Ассирэ высоко подняла брови.
— Любопытно. Два князя, оскорбленные тем, что их дочерей вычеркнули из матримониальных планов Эмгыра. Наш император либо очень уж наивен, либо чертовски хитер.
— Если Эмгыр что-то и знает о заговоре князей, — сказала Кантарелла, — то не от Ваттье. Ваттье ему ничего не сказал.
— Продолжай.
— Наступление будет иметь невиданные до сих пор масштабы. В сумме, считая линейные подразделения, резервы, вспомогательные и тыловые службы, в операции примет участие свыше трехсот тысяч человек. И эльфов, разумеется.
— Дата начала?
— Не установлена. Все упирается в снабжение, снабжение же — в проходимость дорог, а никто не в состоянии сказать, когда окончится зима.
— О чем еще поведал Ваттье?
— Плакался, бедняжка, — сверкнула зубками Кантарелла. — Император опять его облаял и изругал.

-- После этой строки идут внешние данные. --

Lemma e_aE k a y : (1 <= k <= N)%N -> (a < n k)%N -> e_a k a y = (y == pt k a)%:R.
Proof.
move=> hk ha; have [s [-> <- <-]] := pt_spec hk ha.
case: y => [//|s']; rewrite e_a_inr; congr (nat_of_bool _)%:R.
apply/andP/eqP => [[/eqP/succn_inj ek /eqP ea]|[->]]; last by rewrite !eqxx.
by rewrite (basis_inr_inj ek ea).
Qed.

Lemma inner_e_a k a w : (1 <= k <= N)%N -> (a < n k)%N -> inner (e_a k a) w = w (pt k a).
Proof. by move=> hk ha; apply: inner_delta => y; apply: e_aE. Qed.

Lemma basis_cases x : (exists s, x = inl s) \/
  exists k a, [/\ (1 <= k <= N)%N, (a < n k)%N & x = pt k a].
Proof.
case: x => [s|s]; [by left; exists s | right; exists (tag s).+1, (val (tagged s))].
have hk : (1 <= (tag s).+1 <= N)%N by rewrite /= ltn_ord.
have ha := ltn_ord (tagged s); split=> //.
by have [s' [-> /succn_inj ek ea]] := pt_spec hk ha; rewrite (basis_inr_inj ek ea).
Qed.

Lemma sum_e_a_pt m k k' a' (F : nat -> algC) : (1 <= k' <= N)%N -> (a' < n k')%N ->
  \sum_(a <- iota 0 m) e_a k a (pt k' a') * F a = ((k' == k) && (a' < m)%N)%:R * F a'.
Proof.
move=> hk' ha'; under eq_bigr do rewrite e_a_pt // -mulnb natrM -mulrA.
by rewrite -mulr_sumr sum_iota_delta mulrA -natrM mulnb.
Qed.

Lemma Pk_apply k w x : (1 <= k <= N)%N ->
  opapply (Pk k) w x = \sum_(a <- iota 0 (n k)) e_a k a x * w (pt k a).
Proof.
move=> hk; rewrite opapply_sum.
by apply: eq_big_iota => a ha; rewrite opapply_ketbra inner_e_a.
Qed.

Definition dft k w b := \sum_(a <- iota 0 (n k)) zeta (n k) ^+ (b * a) * w (pt k a).

Definition idft k w a :=
  \sum_(b <- iota 0 (n k.+1)) (zeta (n k) ^+ (b * a))^* * w (pt k.+1 b).

Lemma Zop_apply k w x : (1 <= k <= N)%N ->
  opapply (Zop k) w x = isqrt (n k) * \sum_(b <- iota 0 (n k.+1)) e_a k.+1 b x * dft k w b.
Proof.
move=> hk; rewrite opapply_scale opapply_sum; congr (_ * _); apply: eq_bigr => b _.
rewrite opapply_sum mulr_sumr; apply: eq_big_iota => a ha.
by rewrite opapply_scale opapply_ketbra inner_e_a // mulrCA.
Qed.

Lemma Zadj_apply k w x : (k < N)%N ->
  opapply (opadj (Zop k)) w x = isqrt (n k) * \sum_(a <- iota 0 (n k)) e_a k a x * idft k w a.
Proof.
move=> kN; rewrite opapply_adj_scale isqrt_conj opapply_adj_sum; congr (_ * _).
under eq_bigr do rewrite opapply_adj_sum.
rewrite exchange_big /=; apply: eq_bigr => a _; rewrite mulr_sumr.
apply: eq_big_iota => b hb.
by rewrite opapply_adj_scale opapply_adj_ketbra inner_e_a ?kN // mulrCA.
Qed.

Lemma Zop_apply_pt k b w : (1 <= k < N)%N -> (b < n k.+1)%N ->
  opapply (Zop k) w (pt k.+1 b) = isqrt (n k) * dft k w b.
Proof.
move=> /andP[k_gt0 kN] hb; have hk : (1 <= k <= N)%N by rewrite k_gt0 ltnW.
by rewrite Zop_apply // sum_e_a_pt // eqxx hb mul1r.
Qed.

Lemma Zadj_apply_pt k a w : (1 <= k < N)%N -> (a < n k)%N ->
  opapply (opadj (Zop k)) w (pt k a) = isqrt (n k) * idft k w a.
Proof.
move=> /andP[k_gt0 kN] ha; have hk : (1 <= k <= N)%N by rewrite k_gt0 ltnW.
by rewrite Zadj_apply // sum_e_a_pt // eqxx ha mul1r.
Qed.

Lemma phi0E k y : phi k 0 y = isqrt (n k) * \sum_(b <- iota 0 (n k)) e_a k b y.
Proof.
rewrite /phi /vscale /vsum; congr (_ * _); apply: eq_bigr => b _.
by rewrite muln0 expr0 invr1 mul1r.
Qed.

Lemma phi0_pt k : (1 <= k <= N)%N -> (0 < n k)%N -> phi k 0 (pt k 0) = isqrt (n k).
Proof.
move=> hk nk_gt0; rewrite phi0E (eq_bigr (fun b => e_a k b (pt k 0) * 1)) => [|b _].
  by rewrite sum_e_a_pt // eqxx nk_gt0 !mulr1.
by rewrite mulr1.
Qed.

Lemma inner_phi0 k w : (1 <= k <= N)%N ->
  inner (phi k 0) w = isqrt (n k) * \sum_(a <- iota 0 (n k)) w (pt k a).
Proof.
move=> hk; rewrite /inner.
under eq_bigr do rewrite phi0E rmorphM /= isqrt_conj rmorph_sum -mulrA mulr_suml.
rewrite -mulr_sumr exchange_big /=; congr (_ * _).
by apply: eq_big_iota => a ha; rewrite -(inner_e_a w hk ha).
Qed.

End Operators.

Arguments pt {N n} k a.

Section InteractionFree.
Variables (N : nat) (n : nat -> nat) (Gp Gm : bool -> algC) (Gk : bool -> nat -> algC).
Hypothesis N_ge2 : (2 <= N)%N.
Hypothesis n_mono : forall k, (1 <= k < N)%N -> (n k.+1 <= n k)%N.
Hypothesis nN_gt0 : (1 <= n N)%N.
Hypothesis Gp_gt0 : forall e, 0 < Gp e.
Hypothesis Gm_gt0 : forall e, 0 < Gm e.
Hypothesis Gk_gt0 : forall e k, (1 <= k < N)%N -> 0 < Gk e k.
Implicit Types (v : vec N n) (x : basis N n).

Lemma n_gt0 k : (1 <= k <= N)%N -> (0 < n k)%N.
Proof.
move=> /andP[k_gt0 kN]; apply: leq_trans nN_gt0 _.
suff n_anti j : (k + j <= N)%N -> (n (k + j) <= n k)%N by rewrite -(subnKC kN) n_anti ?subnKC.
elim: j => [|j IHj] hj; first by rewrite addn0.
rewrite addnS in hj *; apply: leq_trans (IHj (ltnW hj)).
by rewrite n_mono // hj andbT (leq_trans k_gt0) ?leq_addr.
Qed.

(* The last clause is Z_1 v = 0, by [Zop_apply]. *)
Definition in_E1_kerZ1 v : Prop :=
  [/\ v (inl true) = 0, v (inl false) = 0,
      (forall k a, (1 <= k < N)%N -> (a < n k.+1)%N -> v (pt k.+1 a) = 0) &
      forall b, (b < n 2)%N -> dft 1 v b = 0].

Принародно. Причиной опять было таинственное исчезновение Стефана Скеллена и его отряда. Эмгыр публично обозвал Ваттье недотепой, начальником служб, которые вместо того, чтобы беззвучно и бесследно изымать людей, сами оказываются захваченными врасплох такими исчезновениями. При этом он произнес какой-то ехидный каламбур, который, однако, Ваттье не сумел точно повторить. Потом император шутливо спросил Ваттье, а не означает ли это, что возникла какая-то другая секретная организация, укрытая даже от него? Умен наш император. Почти по цели бьет.
|
— Почти, — проворчала Ассирэ. — Что еще, Картия?
— Агента, которого Ваттье держал в отряде Скеллена и который тоже исчез, звали Нератин Цека. Ваттье его, видимо, очень ценил, потому что сильно удручен его исчезновением.
«Я тоже, — подумала Ассирэ, — удручена исчезновением Иедии Мекессера. Но, в отличие от Ваттье де Ридо, я скоро буду знать, что случилось».
— А Риенс? Ваттье больше с ним не встречался?
— Нет. Не говорил.
Обе долго молчали. Кот на коленях Ассирэ громко мурлыкал.
— Госпожа Ассирэ?
— Да, Картия?
— И долго мне еще играть роль глупой любовницы? Хотелось бы вернуться к занятиям. Посвятить себя научной работе…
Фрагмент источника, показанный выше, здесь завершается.